(Dataset entries)
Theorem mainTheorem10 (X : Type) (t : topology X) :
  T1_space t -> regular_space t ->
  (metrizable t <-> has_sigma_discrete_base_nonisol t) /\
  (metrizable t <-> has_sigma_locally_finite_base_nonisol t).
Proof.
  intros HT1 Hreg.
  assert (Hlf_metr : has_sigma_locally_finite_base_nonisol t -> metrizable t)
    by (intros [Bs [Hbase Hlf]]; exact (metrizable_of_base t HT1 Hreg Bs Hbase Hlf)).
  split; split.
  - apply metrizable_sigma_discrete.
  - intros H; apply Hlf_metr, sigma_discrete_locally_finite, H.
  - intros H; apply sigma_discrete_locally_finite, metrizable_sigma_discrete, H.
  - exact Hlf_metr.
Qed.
--
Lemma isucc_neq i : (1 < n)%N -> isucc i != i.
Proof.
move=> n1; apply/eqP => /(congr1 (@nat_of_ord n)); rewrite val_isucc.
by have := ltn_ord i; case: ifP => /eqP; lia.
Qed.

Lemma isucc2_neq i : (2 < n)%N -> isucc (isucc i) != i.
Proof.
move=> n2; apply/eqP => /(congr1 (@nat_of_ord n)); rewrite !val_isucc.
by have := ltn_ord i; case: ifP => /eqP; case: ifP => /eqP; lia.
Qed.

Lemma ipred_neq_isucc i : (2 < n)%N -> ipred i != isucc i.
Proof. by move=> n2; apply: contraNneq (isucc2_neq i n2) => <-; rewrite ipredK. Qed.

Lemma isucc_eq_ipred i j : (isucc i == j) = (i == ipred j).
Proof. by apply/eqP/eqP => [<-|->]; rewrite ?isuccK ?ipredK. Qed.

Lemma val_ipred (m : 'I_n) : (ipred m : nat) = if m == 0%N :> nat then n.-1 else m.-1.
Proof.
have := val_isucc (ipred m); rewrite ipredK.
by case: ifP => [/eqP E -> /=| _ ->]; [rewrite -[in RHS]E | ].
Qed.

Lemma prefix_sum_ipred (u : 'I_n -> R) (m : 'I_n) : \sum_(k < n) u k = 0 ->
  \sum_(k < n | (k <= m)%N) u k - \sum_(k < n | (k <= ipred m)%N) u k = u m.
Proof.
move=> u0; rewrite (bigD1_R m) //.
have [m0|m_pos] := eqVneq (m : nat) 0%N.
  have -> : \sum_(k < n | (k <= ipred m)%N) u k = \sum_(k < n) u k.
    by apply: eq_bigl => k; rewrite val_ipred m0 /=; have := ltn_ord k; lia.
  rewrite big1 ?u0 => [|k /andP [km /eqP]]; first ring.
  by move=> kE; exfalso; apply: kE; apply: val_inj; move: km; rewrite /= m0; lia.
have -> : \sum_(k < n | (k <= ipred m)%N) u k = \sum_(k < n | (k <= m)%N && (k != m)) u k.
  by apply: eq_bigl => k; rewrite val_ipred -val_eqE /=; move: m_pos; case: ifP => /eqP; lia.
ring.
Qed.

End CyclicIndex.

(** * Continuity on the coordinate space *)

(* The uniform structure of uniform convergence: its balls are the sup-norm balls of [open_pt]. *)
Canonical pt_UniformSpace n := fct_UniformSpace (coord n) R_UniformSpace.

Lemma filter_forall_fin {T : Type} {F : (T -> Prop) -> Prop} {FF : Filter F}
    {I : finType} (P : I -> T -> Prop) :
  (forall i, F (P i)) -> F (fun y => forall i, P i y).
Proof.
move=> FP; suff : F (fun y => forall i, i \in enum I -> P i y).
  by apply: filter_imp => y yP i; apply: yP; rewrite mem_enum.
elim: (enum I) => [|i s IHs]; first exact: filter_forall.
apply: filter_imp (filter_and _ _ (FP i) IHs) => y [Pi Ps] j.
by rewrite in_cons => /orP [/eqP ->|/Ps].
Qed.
---
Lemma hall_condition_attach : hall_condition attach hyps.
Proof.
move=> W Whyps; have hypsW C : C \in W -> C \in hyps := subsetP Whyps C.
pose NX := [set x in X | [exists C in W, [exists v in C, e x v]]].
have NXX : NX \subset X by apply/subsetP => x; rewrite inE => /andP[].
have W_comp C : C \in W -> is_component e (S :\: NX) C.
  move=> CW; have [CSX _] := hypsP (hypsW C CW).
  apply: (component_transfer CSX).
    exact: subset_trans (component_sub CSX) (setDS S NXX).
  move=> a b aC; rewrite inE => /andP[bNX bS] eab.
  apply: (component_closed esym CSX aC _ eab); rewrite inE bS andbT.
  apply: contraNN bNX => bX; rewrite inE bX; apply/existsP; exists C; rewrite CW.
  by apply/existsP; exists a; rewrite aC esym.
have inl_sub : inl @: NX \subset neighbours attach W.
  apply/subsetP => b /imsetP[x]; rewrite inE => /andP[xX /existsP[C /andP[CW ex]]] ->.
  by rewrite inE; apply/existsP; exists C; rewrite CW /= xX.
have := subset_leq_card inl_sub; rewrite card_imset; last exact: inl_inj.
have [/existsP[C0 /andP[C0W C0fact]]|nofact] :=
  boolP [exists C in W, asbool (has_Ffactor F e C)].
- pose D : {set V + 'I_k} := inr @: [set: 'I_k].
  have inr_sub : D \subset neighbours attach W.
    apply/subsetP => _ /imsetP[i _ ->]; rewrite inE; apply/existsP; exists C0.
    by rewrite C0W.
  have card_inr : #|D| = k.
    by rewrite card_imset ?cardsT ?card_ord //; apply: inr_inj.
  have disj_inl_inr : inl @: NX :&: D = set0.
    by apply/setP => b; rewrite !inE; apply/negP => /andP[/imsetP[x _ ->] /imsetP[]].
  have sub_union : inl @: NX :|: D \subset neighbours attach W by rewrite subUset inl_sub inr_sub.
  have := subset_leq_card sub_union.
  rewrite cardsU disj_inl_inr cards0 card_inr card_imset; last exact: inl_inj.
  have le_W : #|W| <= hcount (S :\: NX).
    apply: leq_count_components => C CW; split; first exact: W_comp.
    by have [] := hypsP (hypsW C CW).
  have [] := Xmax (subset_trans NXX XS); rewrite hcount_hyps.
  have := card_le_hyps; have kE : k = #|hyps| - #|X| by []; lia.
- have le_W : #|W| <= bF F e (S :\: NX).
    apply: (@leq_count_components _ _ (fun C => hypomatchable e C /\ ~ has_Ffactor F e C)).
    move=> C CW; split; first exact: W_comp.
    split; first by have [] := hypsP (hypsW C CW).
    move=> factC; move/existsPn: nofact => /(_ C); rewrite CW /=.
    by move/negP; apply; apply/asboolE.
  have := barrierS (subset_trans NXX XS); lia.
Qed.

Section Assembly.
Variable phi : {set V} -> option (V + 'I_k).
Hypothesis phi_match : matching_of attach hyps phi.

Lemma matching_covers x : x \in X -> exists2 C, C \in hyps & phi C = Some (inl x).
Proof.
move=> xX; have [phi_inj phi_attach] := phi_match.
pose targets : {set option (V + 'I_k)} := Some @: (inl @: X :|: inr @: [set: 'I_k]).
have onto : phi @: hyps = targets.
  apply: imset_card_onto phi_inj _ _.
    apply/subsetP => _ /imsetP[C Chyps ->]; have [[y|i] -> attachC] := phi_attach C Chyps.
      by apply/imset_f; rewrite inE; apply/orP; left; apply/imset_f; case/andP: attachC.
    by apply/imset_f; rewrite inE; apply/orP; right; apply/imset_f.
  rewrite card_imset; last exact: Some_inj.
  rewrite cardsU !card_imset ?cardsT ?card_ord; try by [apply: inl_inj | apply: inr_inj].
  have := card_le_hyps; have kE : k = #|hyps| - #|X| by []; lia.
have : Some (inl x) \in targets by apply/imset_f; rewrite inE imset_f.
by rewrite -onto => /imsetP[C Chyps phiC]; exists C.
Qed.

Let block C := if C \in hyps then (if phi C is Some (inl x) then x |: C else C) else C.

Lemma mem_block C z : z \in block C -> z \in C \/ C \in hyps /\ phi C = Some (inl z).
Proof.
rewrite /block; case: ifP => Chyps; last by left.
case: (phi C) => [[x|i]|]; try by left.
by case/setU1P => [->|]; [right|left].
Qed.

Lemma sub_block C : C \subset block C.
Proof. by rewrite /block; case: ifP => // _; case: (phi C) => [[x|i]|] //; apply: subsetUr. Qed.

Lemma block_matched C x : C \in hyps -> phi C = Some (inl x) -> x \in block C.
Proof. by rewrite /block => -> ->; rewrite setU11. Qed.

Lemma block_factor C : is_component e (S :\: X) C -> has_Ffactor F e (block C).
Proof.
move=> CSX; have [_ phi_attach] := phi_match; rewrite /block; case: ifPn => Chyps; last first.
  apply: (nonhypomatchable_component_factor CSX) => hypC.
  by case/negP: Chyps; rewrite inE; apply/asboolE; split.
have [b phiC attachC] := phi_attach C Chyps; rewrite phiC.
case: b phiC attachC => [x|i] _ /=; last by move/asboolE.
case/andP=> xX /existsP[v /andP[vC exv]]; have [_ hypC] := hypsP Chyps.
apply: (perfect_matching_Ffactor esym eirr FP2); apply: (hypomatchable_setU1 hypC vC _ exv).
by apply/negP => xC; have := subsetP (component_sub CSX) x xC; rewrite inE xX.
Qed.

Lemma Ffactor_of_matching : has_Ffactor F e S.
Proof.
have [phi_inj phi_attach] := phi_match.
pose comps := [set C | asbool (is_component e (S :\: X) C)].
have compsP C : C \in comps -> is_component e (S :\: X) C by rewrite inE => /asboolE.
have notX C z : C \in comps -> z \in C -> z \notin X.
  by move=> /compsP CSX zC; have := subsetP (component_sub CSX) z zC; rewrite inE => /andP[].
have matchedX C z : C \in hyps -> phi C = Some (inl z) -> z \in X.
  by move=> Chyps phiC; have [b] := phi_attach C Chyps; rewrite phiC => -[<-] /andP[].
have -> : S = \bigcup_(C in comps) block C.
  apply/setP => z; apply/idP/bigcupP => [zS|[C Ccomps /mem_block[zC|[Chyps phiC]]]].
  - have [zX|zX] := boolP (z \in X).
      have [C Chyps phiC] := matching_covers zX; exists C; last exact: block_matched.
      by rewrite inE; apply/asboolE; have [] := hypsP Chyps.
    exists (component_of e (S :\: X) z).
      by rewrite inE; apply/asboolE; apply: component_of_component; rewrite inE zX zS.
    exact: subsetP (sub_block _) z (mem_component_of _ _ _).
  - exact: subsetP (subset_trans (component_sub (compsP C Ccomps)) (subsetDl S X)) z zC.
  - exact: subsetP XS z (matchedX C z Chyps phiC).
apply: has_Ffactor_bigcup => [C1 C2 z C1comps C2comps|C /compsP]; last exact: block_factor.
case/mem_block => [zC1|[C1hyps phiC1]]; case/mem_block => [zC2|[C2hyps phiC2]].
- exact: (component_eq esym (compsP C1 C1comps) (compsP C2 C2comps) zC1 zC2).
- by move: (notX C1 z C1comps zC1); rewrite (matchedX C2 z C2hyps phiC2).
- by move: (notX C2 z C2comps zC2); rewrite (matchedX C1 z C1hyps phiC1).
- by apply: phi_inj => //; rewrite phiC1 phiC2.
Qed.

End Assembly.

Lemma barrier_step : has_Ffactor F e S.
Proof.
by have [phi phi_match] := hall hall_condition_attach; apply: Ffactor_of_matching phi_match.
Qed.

Problem to solve: Return exactly, and only, the lines above starting at the line that contains "have notX C" and ending at the line that contains "- exact: subsetP (subset_trans".

Written reply:
have notX C z : C \in comps -> z \in C -> z \notin X.
  by move=> /compsP CSX zC; have := subsetP (component_sub CSX) z zC; rewrite inE => /andP[].
have matchedX C z : C \in hyps -> phi C = Some (inl z) -> z \in X.
  by move=> Chyps phiC; have [b] := phi_attach C Chyps; rewrite phiC => -[<-] /andP[].
have -> : S = \bigcup_(C in comps) block C.
  apply/setP => z; apply/idP/bigcupP => [zS|[C Ccomps /mem_block[zC|[Chyps phiC]]]].
  - have [zX|zX] := boolP (z \in X).
      have [C Chyps phiC] := matching_covers zX; exists C; last exact: block_matched.
      by rewrite inE; apply/asboolE; have [] := hypsP Chyps.
    exists (component_of e (S :\: X) z).
      by rewrite inE; apply/asboolE; apply: component_of_component; rewrite inE zX zS.
    exact: subsetP (sub_block _) z (mem_component_of _ _ _).
  - exact: subsetP (subset_trans (component_sub (compsP C Ccomps)) (subsetDl S X)) z zC.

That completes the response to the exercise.